### Work order
The required output is the lines below from the line containing "rewrite in_itv /= =>" to the line containing "- by rewrite in_itv", inclusive, retyped exactly. No other lines belong in it.

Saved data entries
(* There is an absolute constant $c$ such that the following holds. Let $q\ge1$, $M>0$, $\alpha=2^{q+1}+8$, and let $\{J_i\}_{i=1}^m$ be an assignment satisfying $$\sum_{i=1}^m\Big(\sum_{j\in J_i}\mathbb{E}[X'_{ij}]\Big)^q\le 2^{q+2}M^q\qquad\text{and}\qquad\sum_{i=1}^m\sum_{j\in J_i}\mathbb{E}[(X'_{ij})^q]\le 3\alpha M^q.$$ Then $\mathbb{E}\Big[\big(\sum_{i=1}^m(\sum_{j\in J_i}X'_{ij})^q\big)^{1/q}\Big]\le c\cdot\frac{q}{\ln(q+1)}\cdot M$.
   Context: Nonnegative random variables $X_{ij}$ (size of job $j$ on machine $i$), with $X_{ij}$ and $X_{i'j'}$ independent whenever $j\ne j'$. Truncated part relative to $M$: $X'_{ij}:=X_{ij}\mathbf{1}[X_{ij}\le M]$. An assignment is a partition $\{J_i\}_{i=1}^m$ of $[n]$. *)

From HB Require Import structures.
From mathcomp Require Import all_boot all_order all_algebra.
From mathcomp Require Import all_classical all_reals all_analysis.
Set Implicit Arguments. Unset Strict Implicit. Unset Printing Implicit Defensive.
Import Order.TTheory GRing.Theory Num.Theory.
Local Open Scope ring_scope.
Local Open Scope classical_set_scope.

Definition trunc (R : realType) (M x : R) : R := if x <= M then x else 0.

---

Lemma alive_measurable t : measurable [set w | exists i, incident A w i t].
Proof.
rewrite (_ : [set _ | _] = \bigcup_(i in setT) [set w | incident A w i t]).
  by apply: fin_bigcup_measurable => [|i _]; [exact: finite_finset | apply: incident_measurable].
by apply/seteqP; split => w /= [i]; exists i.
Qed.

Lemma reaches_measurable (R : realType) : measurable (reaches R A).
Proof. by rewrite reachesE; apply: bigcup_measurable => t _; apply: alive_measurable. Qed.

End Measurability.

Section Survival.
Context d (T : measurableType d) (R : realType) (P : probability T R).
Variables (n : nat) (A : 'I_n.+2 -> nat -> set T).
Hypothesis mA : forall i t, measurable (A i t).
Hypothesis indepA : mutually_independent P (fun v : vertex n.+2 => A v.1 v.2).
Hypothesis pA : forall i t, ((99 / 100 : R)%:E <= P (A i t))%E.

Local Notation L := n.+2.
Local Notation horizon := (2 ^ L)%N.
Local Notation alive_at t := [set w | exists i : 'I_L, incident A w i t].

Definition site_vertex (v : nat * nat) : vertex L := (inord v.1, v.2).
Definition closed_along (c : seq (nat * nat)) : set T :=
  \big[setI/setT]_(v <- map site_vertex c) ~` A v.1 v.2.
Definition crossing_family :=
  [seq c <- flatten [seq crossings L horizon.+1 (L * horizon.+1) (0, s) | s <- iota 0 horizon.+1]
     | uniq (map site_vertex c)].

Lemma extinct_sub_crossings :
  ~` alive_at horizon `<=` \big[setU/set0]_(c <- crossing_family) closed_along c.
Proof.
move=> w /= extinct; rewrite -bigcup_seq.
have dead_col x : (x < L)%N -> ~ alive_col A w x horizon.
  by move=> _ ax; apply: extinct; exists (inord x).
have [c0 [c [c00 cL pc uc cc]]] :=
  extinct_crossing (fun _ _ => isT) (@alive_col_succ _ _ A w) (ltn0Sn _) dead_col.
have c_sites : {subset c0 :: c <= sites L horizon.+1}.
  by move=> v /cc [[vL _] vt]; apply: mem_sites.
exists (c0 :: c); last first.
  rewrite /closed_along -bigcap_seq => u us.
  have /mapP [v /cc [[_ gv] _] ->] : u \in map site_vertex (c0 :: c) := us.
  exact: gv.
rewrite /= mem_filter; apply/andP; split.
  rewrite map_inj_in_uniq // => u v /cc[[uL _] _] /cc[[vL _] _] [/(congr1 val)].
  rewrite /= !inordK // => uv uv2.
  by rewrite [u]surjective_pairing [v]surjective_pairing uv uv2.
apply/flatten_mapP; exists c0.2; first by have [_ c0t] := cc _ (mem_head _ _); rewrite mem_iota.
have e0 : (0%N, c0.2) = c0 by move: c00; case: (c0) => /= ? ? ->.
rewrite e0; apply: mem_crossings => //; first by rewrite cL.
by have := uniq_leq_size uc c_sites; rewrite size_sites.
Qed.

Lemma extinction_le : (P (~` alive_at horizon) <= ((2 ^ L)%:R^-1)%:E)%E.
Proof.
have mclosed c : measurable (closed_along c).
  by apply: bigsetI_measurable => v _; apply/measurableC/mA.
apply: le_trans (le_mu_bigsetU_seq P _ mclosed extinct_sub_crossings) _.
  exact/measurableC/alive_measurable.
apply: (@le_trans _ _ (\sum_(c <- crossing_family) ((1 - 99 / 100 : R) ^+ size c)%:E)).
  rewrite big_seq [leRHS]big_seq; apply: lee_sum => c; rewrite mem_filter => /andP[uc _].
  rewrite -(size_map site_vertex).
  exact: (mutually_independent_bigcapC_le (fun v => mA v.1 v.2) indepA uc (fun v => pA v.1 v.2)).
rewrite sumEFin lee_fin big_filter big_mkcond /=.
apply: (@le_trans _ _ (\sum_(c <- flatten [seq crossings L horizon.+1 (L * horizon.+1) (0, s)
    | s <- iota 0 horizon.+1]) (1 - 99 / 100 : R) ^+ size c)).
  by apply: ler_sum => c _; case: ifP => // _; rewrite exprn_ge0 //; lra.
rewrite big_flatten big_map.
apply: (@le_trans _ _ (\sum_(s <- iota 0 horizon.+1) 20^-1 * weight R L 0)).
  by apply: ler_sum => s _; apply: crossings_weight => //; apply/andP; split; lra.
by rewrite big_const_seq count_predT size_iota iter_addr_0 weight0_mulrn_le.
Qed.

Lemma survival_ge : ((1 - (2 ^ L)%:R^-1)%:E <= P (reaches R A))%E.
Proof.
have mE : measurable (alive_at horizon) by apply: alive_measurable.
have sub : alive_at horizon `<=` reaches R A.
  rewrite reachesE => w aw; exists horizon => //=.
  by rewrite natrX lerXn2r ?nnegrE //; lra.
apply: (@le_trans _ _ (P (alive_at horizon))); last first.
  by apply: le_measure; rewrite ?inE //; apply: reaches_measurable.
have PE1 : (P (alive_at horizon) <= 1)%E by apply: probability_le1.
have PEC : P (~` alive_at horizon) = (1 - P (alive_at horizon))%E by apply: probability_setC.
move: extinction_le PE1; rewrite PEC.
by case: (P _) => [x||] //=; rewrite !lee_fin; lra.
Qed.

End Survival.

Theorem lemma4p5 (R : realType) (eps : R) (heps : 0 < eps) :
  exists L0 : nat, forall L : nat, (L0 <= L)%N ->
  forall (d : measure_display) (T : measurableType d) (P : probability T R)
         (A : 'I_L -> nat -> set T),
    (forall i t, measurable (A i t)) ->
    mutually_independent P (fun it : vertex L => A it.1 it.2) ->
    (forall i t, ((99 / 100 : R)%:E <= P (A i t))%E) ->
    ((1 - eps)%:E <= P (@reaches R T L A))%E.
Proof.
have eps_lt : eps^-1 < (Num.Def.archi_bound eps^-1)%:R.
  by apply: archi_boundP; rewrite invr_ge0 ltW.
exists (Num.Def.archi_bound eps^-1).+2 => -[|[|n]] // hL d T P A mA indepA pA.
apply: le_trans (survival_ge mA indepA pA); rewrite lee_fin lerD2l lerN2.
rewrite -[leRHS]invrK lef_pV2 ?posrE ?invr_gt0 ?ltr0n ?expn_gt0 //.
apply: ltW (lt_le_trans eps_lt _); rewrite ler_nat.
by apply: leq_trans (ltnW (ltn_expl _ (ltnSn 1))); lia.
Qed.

---

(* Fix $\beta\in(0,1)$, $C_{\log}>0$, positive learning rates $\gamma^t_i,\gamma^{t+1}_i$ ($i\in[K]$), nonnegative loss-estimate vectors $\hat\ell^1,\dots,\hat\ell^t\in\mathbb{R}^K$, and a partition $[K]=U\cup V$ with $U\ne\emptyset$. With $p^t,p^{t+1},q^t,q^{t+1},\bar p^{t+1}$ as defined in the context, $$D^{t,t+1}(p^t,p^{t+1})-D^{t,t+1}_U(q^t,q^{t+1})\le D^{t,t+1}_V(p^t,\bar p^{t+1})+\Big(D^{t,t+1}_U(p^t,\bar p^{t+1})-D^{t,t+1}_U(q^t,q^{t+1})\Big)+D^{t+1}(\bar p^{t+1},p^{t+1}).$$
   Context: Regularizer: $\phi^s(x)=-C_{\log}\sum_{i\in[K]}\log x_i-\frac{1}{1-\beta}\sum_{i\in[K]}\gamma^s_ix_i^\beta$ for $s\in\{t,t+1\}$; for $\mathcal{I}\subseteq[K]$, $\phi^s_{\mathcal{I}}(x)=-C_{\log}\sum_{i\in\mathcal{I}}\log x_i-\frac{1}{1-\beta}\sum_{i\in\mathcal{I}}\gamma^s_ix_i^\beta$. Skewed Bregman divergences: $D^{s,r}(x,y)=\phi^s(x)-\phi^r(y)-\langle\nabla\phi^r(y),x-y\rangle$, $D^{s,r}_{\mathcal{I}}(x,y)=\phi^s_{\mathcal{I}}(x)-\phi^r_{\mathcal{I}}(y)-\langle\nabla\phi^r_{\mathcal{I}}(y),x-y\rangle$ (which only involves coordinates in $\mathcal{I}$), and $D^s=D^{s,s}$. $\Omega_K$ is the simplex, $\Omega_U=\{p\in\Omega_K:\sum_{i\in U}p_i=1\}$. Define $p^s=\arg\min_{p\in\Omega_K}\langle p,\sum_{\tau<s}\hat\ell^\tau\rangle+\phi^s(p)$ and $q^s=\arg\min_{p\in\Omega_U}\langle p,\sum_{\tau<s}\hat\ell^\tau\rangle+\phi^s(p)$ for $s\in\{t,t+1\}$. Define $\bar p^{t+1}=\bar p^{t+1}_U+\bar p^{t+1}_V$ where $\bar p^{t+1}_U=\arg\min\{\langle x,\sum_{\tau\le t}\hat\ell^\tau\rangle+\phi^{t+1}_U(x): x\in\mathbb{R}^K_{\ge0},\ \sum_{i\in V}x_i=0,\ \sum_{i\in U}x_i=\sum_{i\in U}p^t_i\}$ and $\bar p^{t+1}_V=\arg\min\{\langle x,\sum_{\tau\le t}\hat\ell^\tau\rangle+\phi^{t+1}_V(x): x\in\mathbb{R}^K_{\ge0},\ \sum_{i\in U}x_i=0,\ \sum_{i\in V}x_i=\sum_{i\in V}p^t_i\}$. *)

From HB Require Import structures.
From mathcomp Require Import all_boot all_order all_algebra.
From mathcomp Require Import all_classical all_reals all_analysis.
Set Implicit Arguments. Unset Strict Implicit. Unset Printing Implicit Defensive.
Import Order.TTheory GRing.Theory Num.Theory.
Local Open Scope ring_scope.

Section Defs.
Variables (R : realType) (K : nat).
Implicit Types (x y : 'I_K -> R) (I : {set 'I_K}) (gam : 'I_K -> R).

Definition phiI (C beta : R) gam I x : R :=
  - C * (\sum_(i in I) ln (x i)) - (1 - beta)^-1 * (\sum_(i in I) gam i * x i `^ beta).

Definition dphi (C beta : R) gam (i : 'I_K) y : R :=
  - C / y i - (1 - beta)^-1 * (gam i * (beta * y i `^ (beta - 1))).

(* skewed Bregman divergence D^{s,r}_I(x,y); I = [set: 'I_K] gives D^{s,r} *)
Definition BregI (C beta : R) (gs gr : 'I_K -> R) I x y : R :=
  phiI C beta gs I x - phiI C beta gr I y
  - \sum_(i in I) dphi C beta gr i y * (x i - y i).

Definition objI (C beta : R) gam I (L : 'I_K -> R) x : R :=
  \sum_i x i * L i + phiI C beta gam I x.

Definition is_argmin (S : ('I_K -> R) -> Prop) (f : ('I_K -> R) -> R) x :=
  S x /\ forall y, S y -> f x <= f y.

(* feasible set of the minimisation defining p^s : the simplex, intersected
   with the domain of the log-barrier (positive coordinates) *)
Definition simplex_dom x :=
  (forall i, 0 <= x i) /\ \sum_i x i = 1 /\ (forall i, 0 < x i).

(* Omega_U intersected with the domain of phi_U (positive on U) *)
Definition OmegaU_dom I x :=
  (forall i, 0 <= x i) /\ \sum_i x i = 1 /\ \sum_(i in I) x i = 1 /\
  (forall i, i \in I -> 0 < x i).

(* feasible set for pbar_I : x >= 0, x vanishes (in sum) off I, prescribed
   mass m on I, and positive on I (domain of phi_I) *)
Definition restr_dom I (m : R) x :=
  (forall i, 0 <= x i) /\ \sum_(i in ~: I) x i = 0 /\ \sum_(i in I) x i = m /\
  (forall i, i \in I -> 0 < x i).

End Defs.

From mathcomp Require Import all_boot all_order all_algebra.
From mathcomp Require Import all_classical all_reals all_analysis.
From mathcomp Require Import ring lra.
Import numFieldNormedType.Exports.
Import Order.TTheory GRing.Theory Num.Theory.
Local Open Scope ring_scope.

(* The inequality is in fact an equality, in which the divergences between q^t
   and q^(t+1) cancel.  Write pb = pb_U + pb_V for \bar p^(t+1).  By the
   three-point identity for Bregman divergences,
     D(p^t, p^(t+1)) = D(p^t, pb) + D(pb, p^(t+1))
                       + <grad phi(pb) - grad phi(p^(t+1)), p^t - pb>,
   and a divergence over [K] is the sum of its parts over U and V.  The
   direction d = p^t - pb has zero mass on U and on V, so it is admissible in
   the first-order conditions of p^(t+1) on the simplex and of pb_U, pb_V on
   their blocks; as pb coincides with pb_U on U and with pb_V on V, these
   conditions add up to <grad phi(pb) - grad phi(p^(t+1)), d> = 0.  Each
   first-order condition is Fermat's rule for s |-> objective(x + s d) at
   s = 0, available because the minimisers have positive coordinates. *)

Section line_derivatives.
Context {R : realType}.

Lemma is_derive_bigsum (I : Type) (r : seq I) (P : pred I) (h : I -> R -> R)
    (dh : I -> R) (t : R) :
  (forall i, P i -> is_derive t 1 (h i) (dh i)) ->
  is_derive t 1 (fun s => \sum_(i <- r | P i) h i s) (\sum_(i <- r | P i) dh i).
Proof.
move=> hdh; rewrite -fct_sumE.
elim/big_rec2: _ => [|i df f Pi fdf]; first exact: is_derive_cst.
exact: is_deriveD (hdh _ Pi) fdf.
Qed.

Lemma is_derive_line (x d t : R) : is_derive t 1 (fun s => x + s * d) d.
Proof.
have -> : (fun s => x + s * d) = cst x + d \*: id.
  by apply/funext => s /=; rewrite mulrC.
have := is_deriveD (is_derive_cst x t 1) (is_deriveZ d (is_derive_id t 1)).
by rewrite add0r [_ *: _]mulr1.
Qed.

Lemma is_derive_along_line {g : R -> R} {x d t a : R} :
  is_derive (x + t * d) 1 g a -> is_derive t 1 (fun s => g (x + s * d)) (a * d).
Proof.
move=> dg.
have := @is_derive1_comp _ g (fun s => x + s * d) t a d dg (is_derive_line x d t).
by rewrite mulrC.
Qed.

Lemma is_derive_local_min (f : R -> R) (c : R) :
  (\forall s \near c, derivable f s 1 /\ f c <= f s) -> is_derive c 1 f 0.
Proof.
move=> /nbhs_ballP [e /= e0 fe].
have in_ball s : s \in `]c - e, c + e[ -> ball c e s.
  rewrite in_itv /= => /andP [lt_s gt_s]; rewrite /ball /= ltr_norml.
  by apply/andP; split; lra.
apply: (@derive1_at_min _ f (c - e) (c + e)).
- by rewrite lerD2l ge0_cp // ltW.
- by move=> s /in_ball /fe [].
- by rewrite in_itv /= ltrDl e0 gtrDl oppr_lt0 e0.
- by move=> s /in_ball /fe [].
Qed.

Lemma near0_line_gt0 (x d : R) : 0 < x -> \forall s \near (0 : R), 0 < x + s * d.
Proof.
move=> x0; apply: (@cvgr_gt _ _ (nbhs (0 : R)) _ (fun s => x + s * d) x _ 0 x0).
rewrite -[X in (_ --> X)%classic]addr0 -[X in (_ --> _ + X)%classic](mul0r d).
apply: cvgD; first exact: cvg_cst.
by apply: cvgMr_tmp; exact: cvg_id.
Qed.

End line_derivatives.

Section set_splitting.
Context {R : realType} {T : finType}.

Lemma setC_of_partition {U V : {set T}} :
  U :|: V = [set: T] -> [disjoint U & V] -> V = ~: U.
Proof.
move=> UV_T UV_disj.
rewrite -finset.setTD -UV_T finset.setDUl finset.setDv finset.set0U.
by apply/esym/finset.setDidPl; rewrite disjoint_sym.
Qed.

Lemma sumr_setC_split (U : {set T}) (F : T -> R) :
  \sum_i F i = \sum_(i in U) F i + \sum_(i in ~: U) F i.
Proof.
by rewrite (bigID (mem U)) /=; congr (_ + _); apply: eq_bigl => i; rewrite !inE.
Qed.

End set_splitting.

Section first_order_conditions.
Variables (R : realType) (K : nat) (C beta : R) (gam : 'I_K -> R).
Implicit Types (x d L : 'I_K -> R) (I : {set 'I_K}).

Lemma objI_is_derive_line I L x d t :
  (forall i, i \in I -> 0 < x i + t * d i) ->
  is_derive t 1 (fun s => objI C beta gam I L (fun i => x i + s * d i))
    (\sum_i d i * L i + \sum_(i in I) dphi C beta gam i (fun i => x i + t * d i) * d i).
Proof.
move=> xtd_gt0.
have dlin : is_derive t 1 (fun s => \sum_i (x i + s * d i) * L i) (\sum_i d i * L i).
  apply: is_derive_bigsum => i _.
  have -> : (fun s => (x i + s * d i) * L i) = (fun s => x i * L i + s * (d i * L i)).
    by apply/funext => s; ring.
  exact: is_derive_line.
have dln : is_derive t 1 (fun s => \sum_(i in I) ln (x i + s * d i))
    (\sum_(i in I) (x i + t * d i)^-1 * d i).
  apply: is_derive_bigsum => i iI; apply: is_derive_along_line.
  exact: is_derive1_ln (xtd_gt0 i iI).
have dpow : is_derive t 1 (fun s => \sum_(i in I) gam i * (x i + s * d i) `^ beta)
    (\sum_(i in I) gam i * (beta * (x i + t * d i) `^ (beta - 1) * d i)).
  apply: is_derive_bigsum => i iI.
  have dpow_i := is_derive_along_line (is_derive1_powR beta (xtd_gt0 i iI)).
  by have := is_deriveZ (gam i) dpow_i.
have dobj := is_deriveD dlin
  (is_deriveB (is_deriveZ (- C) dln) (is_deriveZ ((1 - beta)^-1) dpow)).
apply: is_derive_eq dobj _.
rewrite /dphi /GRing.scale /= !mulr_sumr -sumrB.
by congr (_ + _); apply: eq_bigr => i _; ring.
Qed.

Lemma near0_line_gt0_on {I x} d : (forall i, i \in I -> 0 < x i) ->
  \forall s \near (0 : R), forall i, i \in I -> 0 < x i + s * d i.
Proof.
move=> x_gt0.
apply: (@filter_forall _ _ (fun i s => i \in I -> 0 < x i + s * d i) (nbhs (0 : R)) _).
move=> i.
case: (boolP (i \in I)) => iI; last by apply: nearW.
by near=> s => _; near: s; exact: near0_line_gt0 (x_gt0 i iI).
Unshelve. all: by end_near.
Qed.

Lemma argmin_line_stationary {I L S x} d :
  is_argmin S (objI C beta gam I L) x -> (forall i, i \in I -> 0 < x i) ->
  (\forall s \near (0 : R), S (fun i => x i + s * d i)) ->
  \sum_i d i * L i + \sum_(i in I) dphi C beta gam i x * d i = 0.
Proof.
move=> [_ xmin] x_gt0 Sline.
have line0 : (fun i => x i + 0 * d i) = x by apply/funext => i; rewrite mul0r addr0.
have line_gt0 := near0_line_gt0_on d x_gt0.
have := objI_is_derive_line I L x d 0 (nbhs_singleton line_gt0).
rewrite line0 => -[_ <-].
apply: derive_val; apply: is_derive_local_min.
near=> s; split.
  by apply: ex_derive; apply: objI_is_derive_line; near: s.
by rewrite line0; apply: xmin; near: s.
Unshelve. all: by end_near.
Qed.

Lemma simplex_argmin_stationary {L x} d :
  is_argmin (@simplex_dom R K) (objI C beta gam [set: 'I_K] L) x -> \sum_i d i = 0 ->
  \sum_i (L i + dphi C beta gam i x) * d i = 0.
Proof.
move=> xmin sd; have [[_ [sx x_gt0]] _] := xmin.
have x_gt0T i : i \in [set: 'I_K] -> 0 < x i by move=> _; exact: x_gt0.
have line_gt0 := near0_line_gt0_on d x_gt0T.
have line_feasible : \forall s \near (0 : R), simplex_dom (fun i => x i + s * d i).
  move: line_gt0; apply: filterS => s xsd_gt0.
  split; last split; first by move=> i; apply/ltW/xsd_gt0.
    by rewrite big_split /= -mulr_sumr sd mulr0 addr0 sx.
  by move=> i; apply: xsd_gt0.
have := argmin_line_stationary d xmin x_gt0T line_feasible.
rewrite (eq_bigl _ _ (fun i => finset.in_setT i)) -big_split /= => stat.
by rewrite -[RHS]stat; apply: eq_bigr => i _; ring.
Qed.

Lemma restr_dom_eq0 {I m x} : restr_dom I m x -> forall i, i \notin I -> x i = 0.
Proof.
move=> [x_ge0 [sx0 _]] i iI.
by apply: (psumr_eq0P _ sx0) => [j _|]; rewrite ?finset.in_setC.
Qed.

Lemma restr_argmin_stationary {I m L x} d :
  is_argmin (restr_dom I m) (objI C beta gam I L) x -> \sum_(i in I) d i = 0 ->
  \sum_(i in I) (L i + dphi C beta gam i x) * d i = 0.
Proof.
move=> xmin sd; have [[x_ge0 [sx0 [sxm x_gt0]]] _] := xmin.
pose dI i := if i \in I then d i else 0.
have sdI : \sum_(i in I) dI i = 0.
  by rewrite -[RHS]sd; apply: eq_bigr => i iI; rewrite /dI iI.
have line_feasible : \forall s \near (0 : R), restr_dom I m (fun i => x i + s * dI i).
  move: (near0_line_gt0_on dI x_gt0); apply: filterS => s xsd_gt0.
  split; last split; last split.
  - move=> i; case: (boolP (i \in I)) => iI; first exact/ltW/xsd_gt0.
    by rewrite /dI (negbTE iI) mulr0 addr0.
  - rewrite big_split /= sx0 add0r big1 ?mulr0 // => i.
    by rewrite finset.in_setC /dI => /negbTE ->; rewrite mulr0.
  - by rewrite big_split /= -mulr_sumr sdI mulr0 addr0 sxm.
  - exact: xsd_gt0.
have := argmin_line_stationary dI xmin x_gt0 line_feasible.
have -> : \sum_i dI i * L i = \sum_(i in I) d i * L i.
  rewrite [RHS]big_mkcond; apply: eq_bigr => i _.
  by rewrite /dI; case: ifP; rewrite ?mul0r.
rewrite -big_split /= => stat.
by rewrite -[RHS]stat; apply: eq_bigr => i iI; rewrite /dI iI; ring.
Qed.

### Response to this task
  rewrite in_itv /= => /andP [lt_s gt_s]; rewrite /ball /= ltr_norml.
  by apply/andP; split; lra.
apply: (@derive1_at_min _ f (c - e) (c + e)).
- by rewrite lerD2l ge0_cp // ltW.
- by move=> s /in_ball /fe [].
- by rewrite in_itv /= ltrDl e0 gtrDl oppr_lt0 e0.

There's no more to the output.